= Cultural multivariate testing =

In internet marketing, cultural multivariate testing is multivariate testing performed on an international website in each geographically distinct market for the purpose of website localisation, i.e. finding the best culturally tailored design for the users in that specific location.

Similarly to multivariate testing it involves testing combinations of alternative components of a website in a live environment. The number of combinations which can be run at the same time is limited only by the time it would take to collect a statistically significant sample of visitors and computational power.

A test is usually designed to measure a specific goal, such as newsletter sign-up or completing an online purchase (so-called conversion), which is indicative of the website’s overall appeal and usability in a given cultural context. By incorporating the most successful combination of design elements, the localised version of the site can significantly improve the number of conversions compared to the original version.

Cultural multivariate testing method is a recent addition to an existing body of research supporting the view that cultural tailoring is a significant factor in international website design contributing to its commercial success.

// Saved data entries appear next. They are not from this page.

Lemma root_conj_pair_poly n (a : pred R) (d : 'rV[C]_n) j :
  ((map_poly toC (conj_pair_poly a d)).[d 0 j] == 0) = a (Re (d 0 j)).
Proof.
have -> : (map_poly toC (conj_pair_poly a d)).[d 0 j] =
    \prod_(i | a (Re (d 0 i))) ((d 0 j - d 0 i) * (d 0 j - (d 0 i)^*)).
  rewrite rmorph_prod horner_prod; apply: eq_bigr => i _.
  rewrite rmorphD rmorphB /= map_polyXn map_polyZ map_polyX map_polyC !hornerE /=.
  case: (d 0 i) (d 0 j) => x y [u v]; rewrite /sqrnormc /=.
  by apply/eqP; rewrite eq_complex /=; apply/andP; split; apply/eqP; ring.
have [aj|naj] := boolP (a _); first by rewrite (bigD1 j) //= subrr !mul0r eqxx.
apply/negbTE/prodf_neq0 => i ai; rewrite mulf_neq0 // subr_eq0.
  by apply: contraNneq naj => ->.
by apply: contraNneq naj => ->; case: (d 0 i) ai.
Qed.

Definition re_eigenspace n (A : 'M[R]_n.+1) (d : 'rV[C]_n.+1) (a : pred R) :=
  kermx (horner_mx A (conj_pair_poly a d))^T.

Section Diagonalized.
Variables (n : nat) (A : 'M[R]_n.+1) (S : 'M[C]_n.+1) (d : 'rV[C]_n.+1).
Hypotheses (Su : S \in unitmx) (EA : cmx A = invmx S *m diag_mx d *m S).

Lemma cmx_horner_mx q :
  cmx (horner_mx A q) = invmx S *m diag_mx (map_mx (horner (map_poly toC q)) d) *m S.
Proof. by rewrite /cmx map_horner_mx -/(cmx A) EA horner_mx_uconjC ?horner_mx_diag. Qed.

Lemma mxrank_re_eigenspace a :
  \rank (re_eigenspace A d a) = count (fun i => a (Re (d 0 i))) (enum 'I_n.+1).
Proof.
rewrite mxrank_ker mxrank_tr -(mxrank_map toC) -/(cmx _) cmx_horner_mx.
rewrite mxrankMfree ?row_free_unit // -mxrank_tr trmx_mul mxrankMfree; last first.
  by rewrite row_free_unit unitmx_tr unitmx_inv.
rewrite mxrank_tr mxrank_diag (eq_count (a2 := predC (fun i => a (Re (d 0 i))))).
  by rewrite -{1}(size_enum_ord n.+1) -(count_predC (fun i => a (Re (d 0 i)))) addnK.
by move=> i /=; rewrite mxE root_conj_pair_poly.
Qed.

Evidence is found that local country web sites reflect the cultural values of the country of their origin, while international companies adapt their foreign websites to the cultural values of the target country, but this adaptation is not yet extensive.

Among the cross-cultural studies of websites there are those that look specifically at the use of culturally adapted images and product representations, the use of human representations, differences in brand logos and tag lines, different colour schemes, navigation, trust-building web strategies in the online shopping context, as well as many other website components and overall website look and feel. The studies confirm the existence of measurable differences in appeal, effectiveness and usability of websites between countries.

- Oban Digital provides Cultural Multivariate Testing through its GlobalMaxer tool.

Cultural multivariate testing takes this body of research one step further by providing live statistical data for any given industry sector and geographical context without the limitations of setting up an artificial experiment environment which could impact on the user’s responses.